**BRIEF**. The answer must be the full listing, reproduced without any change.

■ ■ ■ ■

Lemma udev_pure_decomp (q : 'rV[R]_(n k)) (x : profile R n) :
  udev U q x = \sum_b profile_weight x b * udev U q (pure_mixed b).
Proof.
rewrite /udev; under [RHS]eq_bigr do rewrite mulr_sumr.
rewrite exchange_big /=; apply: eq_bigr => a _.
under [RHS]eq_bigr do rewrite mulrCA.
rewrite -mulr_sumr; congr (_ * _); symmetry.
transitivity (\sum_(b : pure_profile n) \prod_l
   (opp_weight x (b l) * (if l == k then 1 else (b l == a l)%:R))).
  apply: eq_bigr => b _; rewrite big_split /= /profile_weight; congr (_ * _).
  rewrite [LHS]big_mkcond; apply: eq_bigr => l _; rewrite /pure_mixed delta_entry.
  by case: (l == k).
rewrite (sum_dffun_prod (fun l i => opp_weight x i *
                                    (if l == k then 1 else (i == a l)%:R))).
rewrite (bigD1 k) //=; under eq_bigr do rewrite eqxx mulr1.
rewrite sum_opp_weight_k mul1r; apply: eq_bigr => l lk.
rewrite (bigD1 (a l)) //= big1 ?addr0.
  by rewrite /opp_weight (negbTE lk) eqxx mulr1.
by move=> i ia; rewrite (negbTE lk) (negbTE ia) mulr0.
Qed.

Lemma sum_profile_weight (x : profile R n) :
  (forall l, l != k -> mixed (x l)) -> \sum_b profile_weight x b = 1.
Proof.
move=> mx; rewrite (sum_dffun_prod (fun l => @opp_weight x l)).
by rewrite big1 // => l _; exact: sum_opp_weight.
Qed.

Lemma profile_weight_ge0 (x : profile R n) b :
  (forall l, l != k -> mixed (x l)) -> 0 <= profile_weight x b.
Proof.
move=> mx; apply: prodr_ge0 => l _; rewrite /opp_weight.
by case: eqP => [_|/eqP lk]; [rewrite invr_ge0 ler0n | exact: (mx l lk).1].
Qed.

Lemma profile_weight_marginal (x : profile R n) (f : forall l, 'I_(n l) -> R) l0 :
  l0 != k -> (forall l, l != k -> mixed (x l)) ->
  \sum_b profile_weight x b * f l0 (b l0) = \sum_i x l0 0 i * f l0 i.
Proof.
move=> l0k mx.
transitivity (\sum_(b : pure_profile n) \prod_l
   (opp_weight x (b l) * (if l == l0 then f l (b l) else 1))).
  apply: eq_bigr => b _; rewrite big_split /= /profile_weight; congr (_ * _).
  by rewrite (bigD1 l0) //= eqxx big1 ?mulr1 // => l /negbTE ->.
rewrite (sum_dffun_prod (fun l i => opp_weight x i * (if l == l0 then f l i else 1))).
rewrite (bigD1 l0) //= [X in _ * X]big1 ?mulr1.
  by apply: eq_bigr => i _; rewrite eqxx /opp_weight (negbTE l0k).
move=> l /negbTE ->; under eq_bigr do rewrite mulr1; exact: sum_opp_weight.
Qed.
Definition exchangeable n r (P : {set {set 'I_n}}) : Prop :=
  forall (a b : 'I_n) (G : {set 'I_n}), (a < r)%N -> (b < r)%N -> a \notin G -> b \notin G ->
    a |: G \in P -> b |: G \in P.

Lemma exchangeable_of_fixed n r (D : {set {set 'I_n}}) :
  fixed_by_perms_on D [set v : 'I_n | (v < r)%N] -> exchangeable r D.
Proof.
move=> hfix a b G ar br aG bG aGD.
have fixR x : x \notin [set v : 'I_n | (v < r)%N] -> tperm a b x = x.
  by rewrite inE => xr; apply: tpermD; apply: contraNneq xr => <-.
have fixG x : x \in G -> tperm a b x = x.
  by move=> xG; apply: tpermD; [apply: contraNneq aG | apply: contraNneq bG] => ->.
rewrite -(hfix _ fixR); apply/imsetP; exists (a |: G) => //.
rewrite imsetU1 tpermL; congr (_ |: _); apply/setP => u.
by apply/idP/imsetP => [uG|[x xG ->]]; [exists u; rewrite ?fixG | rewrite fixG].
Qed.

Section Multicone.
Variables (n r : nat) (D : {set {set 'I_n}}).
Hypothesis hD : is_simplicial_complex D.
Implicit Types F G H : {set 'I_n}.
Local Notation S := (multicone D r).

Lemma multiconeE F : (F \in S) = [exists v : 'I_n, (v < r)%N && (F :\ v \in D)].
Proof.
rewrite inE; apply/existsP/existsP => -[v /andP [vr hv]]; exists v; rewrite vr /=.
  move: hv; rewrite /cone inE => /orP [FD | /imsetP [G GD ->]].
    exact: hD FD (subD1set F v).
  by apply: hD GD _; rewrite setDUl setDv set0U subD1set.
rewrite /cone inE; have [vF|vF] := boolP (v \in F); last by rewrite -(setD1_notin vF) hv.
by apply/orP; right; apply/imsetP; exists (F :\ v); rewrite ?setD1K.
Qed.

■ ■ ■ ■

**SOLUTION TO THE PROBLEM**.
Lemma udev_pure_decomp (q : 'rV[R]_(n k)) (x : profile R n) :
  udev U q x = \sum_b profile_weight x b * udev U q (pure_mixed b).
Proof.
rewrite /udev; under [RHS]eq_bigr do rewrite mulr_sumr.
rewrite exchange_big /=; apply: eq_bigr => a _.
under [RHS]eq_bigr do rewrite mulrCA.
rewrite -mulr_sumr; congr (_ * _); symmetry.
transitivity (\sum_(b : pure_profile n) \prod_l
   (opp_weight x (b l) * (if l == k then 1 else (b l == a l)%:R))).
  apply: eq_bigr => b _; rewrite big_split /= /profile_weight; congr (_ * _).
  rewrite [LHS]big_mkcond; apply: eq_bigr => l _; rewrite /pure_mixed delta_entry.
  by case: (l == k).
rewrite (sum_dffun_prod (fun l i => opp_weight x i *
                                    (if l == k then 1 else (i == a l)%:R))).
rewrite (bigD1 k) //=; under eq_bigr do rewrite eqxx mulr1.
rewrite sum_opp_weight_k mul1r; apply: eq_bigr => l lk.
rewrite (bigD1 (a l)) //= big1 ?addr0.
  by rewrite /opp_weight (negbTE lk) eqxx mulr1.
by move=> i ia; rewrite (negbTE lk) (negbTE ia) mulr0.
Qed.

Lemma sum_profile_weight (x : profile R n) :
  (forall l, l != k -> mixed (x l)) -> \sum_b profile_weight x b = 1.
Proof.
move=> mx; rewrite (sum_dffun_prod (fun l => @opp_weight x l)).
by rewrite big1 // => l _; exact: sum_opp_weight.
Qed.

Lemma profile_weight_ge0 (x : profile R n) b :
  (forall l, l != k -> mixed (x l)) -> 0 <= profile_weight x b.
Proof.
move=> mx; apply: prodr_ge0 => l _; rewrite /opp_weight.
by case: eqP => [_|/eqP lk]; [rewrite invr_ge0 ler0n | exact: (mx l lk).1].
Qed.

Lemma profile_weight_marginal (x : profile R n) (f : forall l, 'I_(n l) -> R) l0 :
  l0 != k -> (forall l, l != k -> mixed (x l)) ->
  \sum_b profile_weight x b * f l0 (b l0) = \sum_i x l0 0 i * f l0 i.
Proof.
move=> l0k mx.
transitivity (\sum_(b : pure_profile n) \prod_l
   (opp_weight x (b l) * (if l == l0 then f l (b l) else 1))).
  apply: eq_bigr => b _; rewrite big_split /= /profile_weight; congr (_ * _).
  by rewrite (bigD1 l0) //= eqxx big1 ?mulr1 // => l /negbTE ->.
rewrite (sum_dffun_prod (fun l i => opp_weight x i * (if l == l0 then f l i else 1))).
rewrite (bigD1 l0) //= [X in _ * X]big1 ?mulr1.
  by apply: eq_bigr => i _; rewrite eqxx /opp_weight (negbTE l0k).
move=> l /negbTE ->; under eq_bigr do rewrite mulr1; exact: sum_opp_weight.
Qed.
Definition exchangeable n r (P : {set {set 'I_n}}) : Prop :=
  forall (a b : 'I_n) (G : {set 'I_n}), (a < r)%N -> (b < r)%N -> a \notin G -> b \notin G ->
    a |: G \in P -> b |: G \in P.

Lemma exchangeable_of_fixed n r (D : {set {set 'I_n}}) :
  fixed_by_perms_on D [set v : 'I_n | (v < r)%N] -> exchangeable r D.
Proof.
move=> hfix a b G ar br aG bG aGD.
have fixR x : x \notin [set v : 'I_n | (v < r)%N] -> tperm a b x = x.
  by rewrite inE => xr; apply: tpermD; apply: contraNneq xr => <-.
have fixG x : x \in G -> tperm a b x = x.
  by move=> xG; apply: tpermD; [apply: contraNneq aG | apply: contraNneq bG] => ->.
rewrite -(hfix _ fixR); apply/imsetP; exists (a |: G) => //.
rewrite imsetU1 tpermL; congr (_ |: _); apply/setP => u.
by apply/idP/imsetP => [uG|[x xG ->]]; [exists u; rewrite ?fixG | rewrite fixG].
Qed.

Section Multicone.
Variables (n r : nat) (D : {set {set 'I_n}}).
Hypothesis hD : is_simplicial_complex D.
Implicit Types F G H : {set 'I_n}.
Local Notation S := (multicone D r).

Lemma multiconeE F : (F \in S) = [exists v : 'I_n, (v < r)%N && (F :\ v \in D)].
Proof.
rewrite inE; apply/existsP/existsP => -[v /andP [vr hv]]; exists v; rewrite vr /=.
  move: hv; rewrite /cone inE => /orP [FD | /imsetP [G GD ->]].
    exact: hD FD (subD1set F v).
  by apply: hD GD _; rewrite setDUl setDv set0U subD1set.
rewrite /cone inE; have [vF|vF] := boolP (v \in F); last by rewrite -(setD1_notin vF) hv.
by apply/orP; right; apply/imsetP; exists (F :\ v); rewrite ?setD1K.
Qed.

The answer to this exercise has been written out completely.